What was once supposed to be a year-end Santa rally has turned into the second-worst December on record for stocks. In fact, the plunge in stocks has been so dramatic it has taken even the bears by surprise, and as a result even some of the biggest skeptics are calling for a rebound.
Take BMO's Russ Visch: the technical analyst had correctly been calling for a drop into year end, and yet in his latest note writes that the widespread and price indescriminate hedge fund liquidations may have taken things too far. As Visch explains, historically December is not only the strongest month of the year for the S&P 500 but also the most consistently positive, which has created some confusion around the “Santa Claus rally” phenomenon.
As he further notes, while people assume that stocks should go straight up throughout the month from start to finish, in fact, the first half of the month is typically flat at best with most of the gains coming in the last two weeks. And after the sharp plunge in the first half of the month, Visch is now expecting something similar to develop again this year as daily breadth and momentum gauges are now oversold enough to support a solid bounce into the end of the year.
To give readers an idea of how ugly the latest data has been, the BMO strategist points out that short-term breadth oscillators are actually more oversold now than at any point since early 2016.
That said, in terms of upside potential Visch is not looking for anything more than a partial retracement of the recent decline. Some targets: the First resistance for the S&P 500 is the breakdown level at 2630, then its 50-day moving average at 2715.
But before he is accused of turning bullish, Visch makes it clear that "this is a countertrend bounce within a bigger downtrend" as "stresses in the bond market continue to get worse, bullish sentiment continues to contract and overall breadth remains terrible."
As such, until we see heavily negative capitulative type data, he urges investors to stay defensive.
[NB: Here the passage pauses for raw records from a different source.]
(* Let $X$ be a finite, connected, vertex-transitive graph with vertex set $V$, $|V|=n$, equipped with the graph (shortest-path) distance $d$, and let $D$ be its diameter. Let $A=\frac{1}{n^2}\sum_{x,y\in V} d(x,y)$ (sum over all ordered pairs, including $x=y$). Then $$\frac{D}{2}\le A\le \Big(1-\frac1n\Big)D.$$ Moreover, if $n\ge 2$ and $\bar A=\frac{1}{n(n-1)}\sum_{x\neq y} d(x,y)$ (sum over ordered pairs of distinct vertices), then $$\frac{D}{2}\cdot\frac{n}{n-1}\le \bar A\le D.$$
   Context: A graph is vertex-transitive if its automorphism group acts transitively on its vertices. *)

From HB Require Import structures.
From mathcomp Require Import all_boot all_order all_algebra all_fingroup.
Set Implicit Arguments. Unset Strict Implicit. Unset Printing Implicit Defensive.

Definition simple_graph (T : finType) (e : rel T) : Prop :=
  symmetric e /\ irreflexive e.

Definition connected_graph (T : finType) (e : rel T) : Prop :=
  forall x y : T, connect e x y.

Definition vertex_transitive (T : finType) (e : rel T) : Prop :=
  forall x y : T, exists f : {perm T},
    (forall a b : T, e (f a) (f b) = e a b) /\ f x = y.

Definition walk_of_len (T : finType) (e : rel T) (k : nat) (x y : T) : bool :=
  [exists p : k.-tuple T, path e x p && (last x p == y)].

(* Shortest-path distance: the least k with a walk of length k from x to y.
   In a connected graph this is always < #|T|; for unreachable pairs
   the value is #|T| (irrelevant under connectivity). *)
Definition gdist (T : finType) (e : rel T) (x y : T) : nat :=
  find (fun k => walk_of_len e k x y) (iota 0 #|T|).

Definition diameter (T : finType) (e : rel T) : nat :=
  \max_(x : T) \max_(y : T) gdist e x y.

Local Open Scope ring_scope.

Definition avg_dist (T : finType) (e : rel T) : rat :=
  (\sum_(x : T) \sum_(y : T) gdist e x y)%N%:R / (#|T| ^ 2)%N%:R.

Definition avg_dist_distinct (T : finType) (e : rel T) : rat :=
  (\sum_(x : T) \sum_(y : T | y != x) gdist e x y)%N%:R
    / (#|T| * (#|T| - 1))%N%:R.

From HB Require Import structures.
From mathcomp Require Import all_boot all_order all_algebra all_fingroup.
From mathcomp Require Import ring.
Import Order.TTheory GRing.Theory Num.Theory.

Set Implicit Arguments.
Unset Strict Implicit.
Unset Printing Implicit Defensive.

(* The upper bound holds in every graph: a row sum of the distance matrix has
   n - 1 off-diagonal terms, each at most D.  For the lower bound pick u, v
   with d(u, v) = D; summing the triangle inequality D <= d(u, y) + d(y, v)
   over y bounds n D by the row sum at u plus the column sum at v, and by
   vertex-transitivity every row and column sum equals n A. *)

Section ShortestPaths.
Variables (T : finType) (e : rel T).

Lemma walk_of_lenP k x y :
  reflect (exists p : seq T, [/\ size p = k, path e x p & last x p = y])
          (walk_of_len e k x y).
Proof.
apply: (iffP existsP) => [[p /andP[ep /eqP <-]] | [p [<- ep lp]]].
  by exists (val p); rewrite size_tuple.
by exists (in_tuple p); rewrite /= ep lp eqxx.
Qed.

Lemma gdist_le_walk k x y : walk_of_len e k x y -> (gdist e x y <= k)%N.
Proof.
move=> w; have [lt_k_T | le_T_k] := ltnP k #|T|.
  rewrite leqNgt; apply/negP => /(before_find 0).
  by rewrite nth_iota // add0n w.
apply: leq_trans le_T_k; apply: leq_trans (find_size _ _) _.
by rewrite size_iota.
Qed.

Lemma gdist0 x : gdist e x x = 0%N.
Proof. by apply/eqP; rewrite -leqn0 gdist_le_walk //; apply/walk_of_lenP; exists [::]. Qed.

(* A shortest path is duplicate-free, so its length is below #|T| and the
   search range [iota 0 #|T|] of [gdist] contains it. *)
Lemma gdist_walk x y : connect e x y -> walk_of_len e (gdist e x y) x y.
Proof.
move=> /connectP[p ep ->]; case: (shortenP ep) => q eq uq _.
have size_q : (size q < #|T|)%N.
  by have := max_card (mem (x :: q)); rewrite (card_uniqP uq).
have has_walk : has (fun k => walk_of_len e k x (last x q)) (iota 0 #|T|).
  apply/hasP; exists (size q); first by rewrite mem_iota add0n size_q.
  by apply/walk_of_lenP; exists q.
have := nth_find 0 has_walk; rewrite nth_iota ?add0n //.
by move: has_walk; rewrite has_find size_iota.
Qed.

Lemma gdist_triangle x y z :
  connect e x y -> connect e y z -> (gdist e x z <= gdist e x y + gdist e y z)%N.
Proof.
move=> /gdist_walk/walk_of_lenP[p [<- ep <-]] /gdist_walk/walk_of_lenP[q [<- eq <-]].
apply: gdist_le_walk; apply/walk_of_lenP; exists (p ++ q).
by rewrite size_cat cat_path last_cat ep eq.
Qed.

Definition edge_preserving (f : {perm T}) : Prop :=
  forall a b, e (f a) (f b) = e a b.

Lemma edge_preservingV f : edge_preserving f -> edge_preserving f^-1%g.
Proof. by move=> ef a b; rewrite -ef !permKV. Qed.

Lemma walk_of_len_perm f k x y : edge_preserving f ->
  walk_of_len e k x y -> walk_of_len e k (f x) (f y).
Proof.
move=> ef /walk_of_lenP[p [<- ep <-]]; apply/walk_of_lenP; exists (map f p).
by rewrite size_map last_map path_map (eq_path (e' := e)).
Qed.

Lemma gdist_perm f x y : edge_preserving f -> gdist e (f x) (f y) = gdist e x y.
Proof.
move=> ef; apply: eq_find => k; apply/idP/idP; last exact: walk_of_len_perm.
by move/(walk_of_len_perm (edge_preservingV ef)); rewrite !permK.
Qed.

Lemma gdist_le_diameter x y : (gdist e x y <= diameter e)%N.
Proof.
apply: leq_trans (leq_bigmax x).
exact: (leq_bigmax (F := fun y => gdist e x y)).
Qed.

Lemma diameter_gdist : (0 < #|T|)%N -> exists u v, diameter e = gdist e u v.
Proof.
move=> /card_gt0P[x0 _]; rewrite /diameter (bigop.bigmax_eq_arg x0) //.
by rewrite (bigop.bigmax_eq_arg x0) //; do 2 eexists.
Qed.

Lemma sum_gdist_offdiag :
  (\sum_x \sum_(y | y != x) gdist e x y = \sum_x \sum_y gdist e x y)%N.
Proof. by apply: eq_bigr => x _; rewrite [RHS](bigD1 x) //= gdist0. Qed.

Lemma sum_gdist_row_le x : (\sum_y gdist e x y <= (#|T| - 1) * diameter e)%N.
Proof.
rewrite (bigD1 x) //= gdist0 add0n subn1 -(cardC1 x) -sum_nat_const.
by apply: leq_sum => y _; apply: gdist_le_diameter.
Qed.

Lemma sum_gdist_le_diameter :
  (\sum_x \sum_y gdist e x y <= #|T| * ((#|T| - 1) * diameter e))%N.
Proof. by rewrite -sum_nat_const; apply: leq_sum => x _; apply: sum_gdist_row_le. Qed.

Hypothesis e_connected : connected_graph e.

Lemma card_mul_gdist_le_sum_gdist u v :
  (#|T| * gdist e u v <= \sum_y gdist e u y + \sum_y gdist e y v)%N.
Proof.
rewrite -big_split -sum_nat_const; apply: leq_sum => y _.
exact: gdist_triangle.
Qed.

Hypothesis e_transitive : vertex_transitive e.

Lemma sum_gdist_row x : (\sum_x' \sum_y gdist e x' y = #|T| * \sum_y gdist e x y)%N.
Proof.
rewrite -sum_nat_const; apply: eq_bigr => x' _.
have [f [ef <-]] := e_transitive x x'.
by rewrite (reindex_inj (@perm_inj _ f)); apply: eq_bigr => y _; rewrite gdist_perm.
Qed.

Lemma sum_gdist_col y : (\sum_x \sum_y' gdist e x y' = #|T| * \sum_x gdist e x y)%N.
Proof.
rewrite exchange_big -sum_nat_const; apply: eq_bigr => y' _.
have [f [ef <-]] := e_transitive y y'.
by rewrite (reindex_inj (@perm_inj _ f)); apply: eq_bigr => x _; rewrite gdist_perm.
Qed.

Lemma sum_gdist_ge_diameter : (0 < #|T|)%N ->
  (#|T| * (#|T| * diameter e) <= 2 * \sum_x \sum_y gdist e x y)%N.
Proof.
move=> /diameter_gdist[u [v ->]].
rewrite mul2n -addnn {1}(sum_gdist_row u) (sum_gdist_col v) -mulnDr leq_mul2l.
by rewrite card_mul_gdist_le_sum_gdist orbT.
Qed.

End ShortestPaths.

Local Open Scope ring_scope.

Section AverageBounds.
Variables (R : realFieldType) (n D t : R).
Hypotheses (lower : n * (n * D) <= 2 * t) (upper : t <= n * ((n - 1) * D)).

Lemma mean_bounds : 0 < n -> D / 2 <= t / n ^+ 2 /\ t / n ^+ 2 <= (1 - n^-1) * D.
Proof.
move=> n_gt0; have n2_gt0 : 0 < n ^+ 2 by rewrite exprn_gt0.
rewrite ler_pdivlMr // ler_pdivrMr //; split.
  suff -> : D / 2 * n ^+ 2 = n * (n * D) / 2 by rewrite ler_pdivrMr // [t * _]mulrC.
  by field.
suff -> : (1 - n^-1) * D * n ^+ 2 = n * ((n - 1) * D) by [].
by field; rewrite gt_eqF.
Qed.

Lemma mean_offdiag_bounds : 1 < n ->
  D / 2 * (n / (n - 1)) <= t / (n * (n - 1)) /\ t / (n * (n - 1)) <= D.
Proof.
move=> n_gt1; have nn1_gt0 : 0 < n * (n - 1).
  by rewrite mulr_gt0 ?subr_gt0 // (lt_trans ltr01).
rewrite ler_pdivlMr // ler_pdivrMr //; split; last by rewrite mulrC -mulrA.
suff -> : D / 2 * (n / (n - 1)) * (n * (n - 1)) = n * (n * D) / 2.
  by rewrite ler_pdivrMr // [t * _]mulrC.
by field; rewrite gt_eqF ?subr_gt0.
Qed.

End AverageBounds.

Theorem theorem1p1 (T : finType) (e : rel T)
  (Hsimple : simple_graph e) (Hne : (0 < #|T|)%N)
  (Hconn : connected_graph e) (Hvt : vertex_transitive e) :
  let n : rat := (#|T|)%:R in
  let D : rat := (diameter e)%:R in
  (D / 2 <= avg_dist e /\ avg_dist e <= (1 - n^-1) * D) /\
  ((1 < #|T|)%N ->
     D / 2 * (n / (n - 1)) <= avg_dist_distinct e /\ avg_dist_distinct e <= D).
Proof.
move=> n D; rewrite /avg_dist /avg_dist_distinct sum_gdist_offdiag.
set t : rat := (\sum_x \sum_y gdist e x y)%N%:R.
have lower : n * (n * D) <= 2 * t.
  by rewrite -!natrM ler_nat sum_gdist_ge_diameter.
have upper : t <= n * ((n - 1) * D).
  by have := sum_gdist_le_diameter e; rewrite -(ler_nat rat) !natrM natrB.
split; first by rewrite natrX; apply: mean_bounds; rewrite // ltr0n.
move=> n_gt1; rewrite natrM natrB 1?ltnW // -/n.
by apply: mean_offdiag_bounds; rewrite // ltr1n.
Qed.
Separately, Nomura quant Masanari Takada voices similar sentiment, and looking ahead at today's main events writes that if the FOMC announcement is surprisingly more dovish than expected, speculative investors are likely to try to rebuild long equity positions on the basis that US long-term interest rates are expected to be subdued (which would be favourable to the equity market in general). However, here there is the catch 22 that we discussed yesterday: the fact that the Street’s anxiety over a possible US economic slowdown would be “officially” confirmed by the Fed would be a psychological burden, and Nomura would therefore expect most hedge funds to prefer to tilt towards defensive sectors or low-volatility names over cyclical sectors or high-beta names.
Nomura's lukewarm conclusion: "given the limited capacity of HFs overall to take on equity risk at the moment, a feasible equity market rally driven by a dovish Fed would likely only last a relatively short period of time."